To formulate a linear programming model for this problem, we need to define the decision variables, objective function, and constraints.
1. Decision Variables:
Let's denote the floor space allocated to each department as follows:
- x1: Men's clothing floor space (in ft2)
- x2: Women's clothing floor space (in ft2)
- x3: Children's clothing floor space (in ft2)

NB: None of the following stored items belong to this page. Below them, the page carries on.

(* Let $U,V$ be bialgebras and $\langle\,,\rangle:U\otimes V\to k$ a pairing which is convolution invertible when regarded as an element $\rho$ of ${\rm Hom}(U^{\rm cop}\otimes V,k)$; let $\rho^{-1}$ be its convolution inverse there. Let $D=D(U^{\rm cop},V)$, $i:U^{\rm cop}\to D$, $i(m)=m\otimes 1$, and $j:V\to D$, $j(x)=1\otimes x$. (i) There exists a bialgebra map $\pi:D\to U^{\rm cop}$ with $\pi\circ i={\rm Id}$ if and only if there exists a bialgebra map $\gamma:V\to U^{\rm cop}$ such that for all $y\in V$, $m\in U$, $$\gamma(y)m=\rho^{-1}(m_1,y_3)\rho(m_3,y_1)\,m_2\gamma(y_2).$$ (ii) There exists a bialgebra map $D\to V$ which is a left inverse of $j$ if and only if there is a bialgebra map $\mu:U^{\rm cop}\to V$ such that for all $y\in V$, $m\in U$, $y\mu(m)=\rho^{-1}(m_1,y_3)\rho(m_3,y_1)\mu(m_2)y_2$. If $U,V$ are Hopf algebras, these maps are Hopf algebra morphisms. (In (i), $\pi(m\otimes x)=m\gamma(x)$ and $\gamma=\pi\circ j$.)
   Context: Sweedler notation is used, subscripts always referring to comultiplication in $U$ or $V$ (not in $U^{\rm cop}$). A pairing satisfies $\langle mn,x\rangle=\langle m,x_1\rangle\langle n,x_2\rangle$, $\langle m,xy\rangle=\langle m_1,x\rangle\langle m_2,y\rangle$, $\langle 1,x\rangle=\varepsilon(x)$, $\langle m,1\rangle=\varepsilon(m)$. $D(U^{\rm cop},V)$ is the bialgebra with underlying space $U\otimes V$, unit $1\otimes 1$, counit $\varepsilon\otimes\varepsilon$, comultiplication $\Delta(m\otimes x)=(m_2\otimes x_1)\otimes(m_1\otimes x_2)$ and multiplication $(m\otimes x)(n\otimes y)=\rho(n_3,x_1)\rho^{-1}(n_1,x_3)\,mn_2\otimes x_2y$. Here $U^{\rm cop}$ is $U$ with the opposite comultiplication. *)

(* Bialgebras over a field k, encoded without a tensor-product
   library: an element of A (x) B is represented by a finite list of pairs
   (a finite sum of pure tensors); two such representatives are equal as
   tensors iff every bilinear form A x B -> k takes the same value on them
   (over a field, linear forms separate points of A (x) B). *)
From HB Require Import structures.
From mathcomp Require Import all_boot all_order all_algebra.
Set Implicit Arguments. Unset Strict Implicit. Unset Printing Implicit Defensive.
Import Order.TTheory GRing.Theory Num.Theory.
Local Open Scope ring_scope.
Lemma bG_top_chains (m j : nat) : (2 <= m)%N ->
  bG m (m + j) = \sum_(s <- top_chains (m - 2) j) 'X^(opweight s).
Proof.
move=> m2; rewrite /bG -big_filter.
rewrite -(big_map (@tuple_to_seq m (m + j).+1) xpredT (fun s => 'X^(opweight s))).
apply: perm_big; apply: uniq_perm.
- rewrite map_inj_uniq ?filter_uniq ?index_enum_uniq //.
  move=> t1 t2 /inj_map eqt; apply: val_inj; apply: eqt.
  by move=> [a b] [c d] /= [/val_inj -> ->].
- exact: uniq_top_chains.
move=> s; apply/mapP/idP.
- case=> t; rewrite mem_filter => /andP [Qt _] ->.
  have sz : size (tuple_to_seq t) = m by rewrite size_map size_tuple.
  by rewrite mem_top_chains // -(inG2_is_chain sz).
- move=> s_top; have sz : size s = m by rewrite (size_top_chains s_top); lia.
  move: (s_top); rewrite mem_top_chains // => /andP [cs top].
  have top_size : (head opart0 s).1 = (m + j)%N.
    by move: top; case: (s) => [|x s'] /= /eqP => [[]|->].
  have /allP le_top := chain_sizes_le_head cs; rewrite top_size in le_top.
  pose t := map (fun p : opart => ((inord p.1 : 'I_(m + j).+1), p.2)) s.
  have szt : size t == m by rewrite size_map sz.
  have ts : tuple_to_seq (Tuple szt) = s.
    rewrite /tuple_to_seq /= -map_comp -[RHS]map_id.
    by apply/eq_in_map => -[a c] /le_top /= lea; rewrite inordK.
  exists (Tuple szt) => //.
  by rewrite mem_filter mem_index_enum andbT ts (inG2_is_chain sz) cs.
Qed.

Definition bits_gf (n j : nat) : {poly rat} :=
  \sum_(e <- bitseqs n) (if count id e == j then 'X^(bits_weight e) else 0).

(* The two choices of the bottom bit, and the fixed top bit 0. *)
Lemma sum_top_chains (n j : nat) :
  \sum_(s <- top_chains n j) 'X^(opweight s) = 2%:R * 'X^((n + j).+2) * bits_gf n j.
Proof.
rewrite /top_chains big_allpairs_dep /bits_gf big_filter big_mkcond mulr_sumr.
apply: eq_big_seq => e; rewrite mem_bitseqs => /eqP le.
case: eqP => [ones|_]; last by rewrite mulr0.
rewrite big_cons big_seq1 !weight_chain_of_bits /= le ones addn0 exprD.
by rewrite -mulrA mulr_natl mulr2n mulrC.
Qed.

Lemma bits_gf0 (j : nat) : bits_gf 0 j = if j == 0%N then 'X else 0.
Proof. by rewrite /bits_gf /= big_seq1 expr1; case: j. Qed.

(* Splitting off the top bit. *)
Lemma bits_gfS (n j : nat) : bits_gf n.+1 j =
  'X^(n + 2 + j) * (bits_gf n j + (if j is j'.+1 then bits_gf n j' else 0)).
Proof.
rewrite /bits_gf
  (_ : bitseqs n.+1 = [seq x :: e | x <- [:: false; true], e <- bitseqs n]) //.
rewrite big_allpairs_dep big_cons big_seq1 mulrDr.
congr (_ + _); case: j => [|j]; try by rewrite mulr0; apply: big1.
all: rewrite mulr_sumr; apply: eq_big_seq => e; rewrite mem_bitseqs => /eqP le /=.
all: rewrite ?add0n ?add1n ?eqSS; case: eqP => [ones|_]; last by rewrite mulr0.
all: by rewrite le ones -exprD; congr ('X^_); lia.
Qed.

Lemma binS2 (k : nat) : 'C(k.+1, 2) = ('C(k, 2) + k)%N.
Proof. by rewrite binS bin1. Qed.

Lemma expr_regroup (R : comNzRingType) (x g1 g0 : R) (a c d : nat) :
  x ^+ c * (x ^+ (a + d) * g1 + x ^+ a * g0) = x ^+ (a + c) * (x ^+ d * g1 + g0).
Proof. rewrite !exprD; ring. Qed.

Lemma bits_gf_gauss (n j : nat) :
  toRF (bits_gf n j) = qvar ^+ ('C(n.+2, 2) + 'C(j.+1, 2)) * gauss n j.
Proof.
elim: n j => [|n IH] [|j].
- by rewrite bits_gf0 gauss_n0 mulr1.
- by rewrite bits_gf0 gauss_gt // mulr0 /toRF tofrac0.
- rewrite bits_gfS addr0 toRFM IH -qvarE.
  rewrite !gauss_n0 !mulr1 -exprD; congr (_ ^+ _); rewrite (binS2 n.+2); lia.
rewrite bits_gfS toRFM toRFD !IH -qvarE gauss_pascal.
have -> : ('C(n.+2, 2) + 'C(j.+2, 2) = ('C(n.+2, 2) + 'C(j.+1, 2)) + j.+1)%N.
  by rewrite (binS2 j.+1); lia.
have -> : ('C(n.+3, 2) + 'C(j.+2, 2) = ('C(n.+2, 2) + 'C(j.+1, 2)) + (n + 2 + j.+1))%N.
  by rewrite (binS2 j.+1) (binS2 n.+2); lia.
exact: expr_regroup.
Qed.

Lemma half_j_jplus3 (j : nat) : (j * (j + 3) %/ 2 = 'C(j.+1, 2) + j)%N.
Proof.
have twice_bin : (2 * 'C(j.+1, 2) = j.+1 * j)%N.
  by elim: j => [//|j IH]; rewrite binS2 mulnDr IH; lia.
have -> : (j * (j + 3) = 2 * ('C(j.+1, 2) + j))%N by rewrite [RHS]mulnDr twice_bin; lia.
by rewrite mulKn.
Qed.

Theorem mainTheorem14 (m j : nat) : (2 <= m)%N ->
  toRF (bG m (m + j)) =
    2%:R * qvar ^+ ('C(m.+1, 2) + (j * (j + 3)) %/ 2)%N * gauss (m - 2) j.
Proof.
case: m => [|[|n]] // _.
rewrite bG_top_chains // subSS subSS subn0 sum_top_chains.
rewrite 2!toRFM toRF_nat -qvarE bits_gf_gauss.
rewrite mulrA -(mulrA 2%:R) -exprD half_j_jplus3.
by congr (_ * _ ^+ _ * _); rewrite (binS2 n.+2); lia.
Qed.
(* For an integer $n\ge 0$ let $\Omega_n$ be the set of integer pairs $(p,q)$ with $0\le p\le n$, $0\le q\le n$, $(p,q)\ne(n,n)$, and let $\mathcal A_n$ be the linear span (over $\mathbb C$) of the rational functions $\frac{z^p\,\overline z^{\,q}}{(z-\overline z)^n}$, $(p,q)\in\Omega_n$, regarded as functions on the upper half-plane $\Lambda=\{z:\operatorname{Im}z>0\}$. Let $\mathcal A=\sum_{n\ge0}\mathcal A_n$. Consider the six operators $$\frac{\partial}{\partial z},\quad z\frac{\partial}{\partial z},\quad z^2\frac{\partial}{\partial z},\quad \frac{\partial}{\partial \overline z},\quad \overline z\frac{\partial}{\partial \overline z},\quad \overline z^{\,2}\frac{\partial}{\partial \overline z}.$$ Then: (a) $\mathcal A$ is invariant under each of these six operators; (b) the function $\frac{1}{z-\overline z}$ is cyclic in $\mathcal A$ for this family, i.e. the linear span of all functions obtained by applying finite products of these six operators (including the empty product) to $\frac1{z-\overline z}$ is equal to $\mathcal A$.
   Context: $\frac{\partial}{\partial z}$, $\frac{\partial}{\partial\overline z}$ are the Wirtinger derivatives, $z$ and $\overline z$ are treated as independent variables in these rational functions. *)

(* formal rational functions in two independent variables
   z and zb (= \overline z), over a field F of characteristic 0
   (instantiated by the complex numbers). *)
From HB Require Import structures.
From mathcomp Require Import all_boot all_order all_algebra.
From mathcomp Require Export fraction.
Set Implicit Arguments. Unset Strict Implicit. Unset Printing Implicit Defensive.
Import Order.TTheory GRing.Theory Num.Theory.
Local Open Scope ring_scope.

Notation "x %:F" := (@FracField.tofrac _ x).

Section Defs.
Variable F : numClosedFieldType.

(* Bivariate polynomials: outer variable is z, inner variable is zb. *)
Definition Pol := {poly {poly F}}.
Definition RF := {fraction Pol}.

Definition zP : Pol := 'X.
Definition zbP : Pol := ('X)%:P.
Definition zR : RF := (zP)%:F.
Definition zbR : RF := (zbP)%:F.
Definition cst (c : F) : RF := ((c%:P)%:P : Pol)%:F.

Definition dzP (p : Pol) : Pol := p^`().
Definition dzbP (p : Pol) : Pol := map_poly (fun c : {poly F} => c^`()) p.

(* extension to rational functions by the quotient rule
   (independent of the chosen representative) *)
Definition quot_deriv (d : Pol -> Pol) (f : RF) : RF :=
  let r := repr f in
  (d \n_r * \d_r - \n_r * d \d_r)%:F / ((\d_r) ^+ 2)%:F.

Definition dz : RF -> RF := quot_deriv dzP.
Definition dzb : RF -> RF := quot_deriv dzbP.

Definition Omega (n p q : nat) : bool :=
  [&& (p <= n)%N, (q <= n)%N & ~~ ((p == n) && (q == n))].

Definition gen (n p q : nat) : RF := zR ^+ p * zbR ^+ q / (zR - zbR) ^+ n.

Definition inA (f : RF) : Prop :=
  exists s : seq (F * (nat * nat * nat)),
    all (fun t => Omega t.2.1.1 t.2.1.2 t.2.2) s /\
    f = \sum_(t <- s) cst t.1 * gen t.2.1.1 t.2.1.2 t.2.2.

Definition op (i : 'I_6) (f : RF) : RF :=
  match val i with
  | 0 => dz f
  | 1 => zR * dz f
  | 2 => zR ^+ 2 * dz f
  | 3 => dzb f
  | 4 => zbR * dzb f
  | _ => zbR ^+ 2 * dzb f
  end.

(* apply a finite product of operators (a word; [::] = identity) *)
Definition apply_word (w : seq 'I_6) (f : RF) : RF := foldr op f w.

Definition in_span_orbit (g f : RF) : Prop :=
  exists s : seq (F * seq 'I_6), f = \sum_(t <- s) cst t.1 * apply_word t.2 g.

End Defs.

- x4: Toys floor space (in ft2)
- x5: Housewares floor space (in ft2)
- x6: Electronics floor space (in ft2)
- x7: Auto supplies floor space (in ft2)
2. Objective Function:
The objective is to maximize the total profit contribution. The profit contribution from each department is given per square foot. So, the objective function can be written as:
Maximize Z = 4.25x1 + 5.10x2 + 4.50x3 + 5.20x4 + 4.10x5 + 4.90x6 + 3.80x7
3. Constraints:
We need to consider the following constraints:
- Each department must have at least 15,000 ft2 of floor space:
x1 ≥ 15,000
x2 ≥ 15,000
x3 ≥ 15,000
x4 ≥ 15,000
x5 ≥ 15,000
x6 ≥ 15,000
x7 ≥ 15,000
- No department can have more than 20% of the total retail floor space:
x1 + x2 + x3 + x4 + x5 + x6 + x7 ≤ 0.2 * (x1 + x2 + x3 + x4 + x5 + x6 + x7)
- Inventory space constraint (10% of total retail floor space for toys, electronics, and auto supplies):
0.1 * (x4 + x6 + x7) = x4 + x6 + x7 - (x4 + x6 + x7)
- Total floor space should not exceed 140,000 ft2:
x1 + x2 + x3 + x4 + x5 + x6 + x7 ≤ 140,000
All the variables are non-negative.
This formulation represents a linear programming model that can be used to determine the optimal floor space allocation in order to maximize profit contribution for Wal-Mart's new store in Rock Springs, Maryland.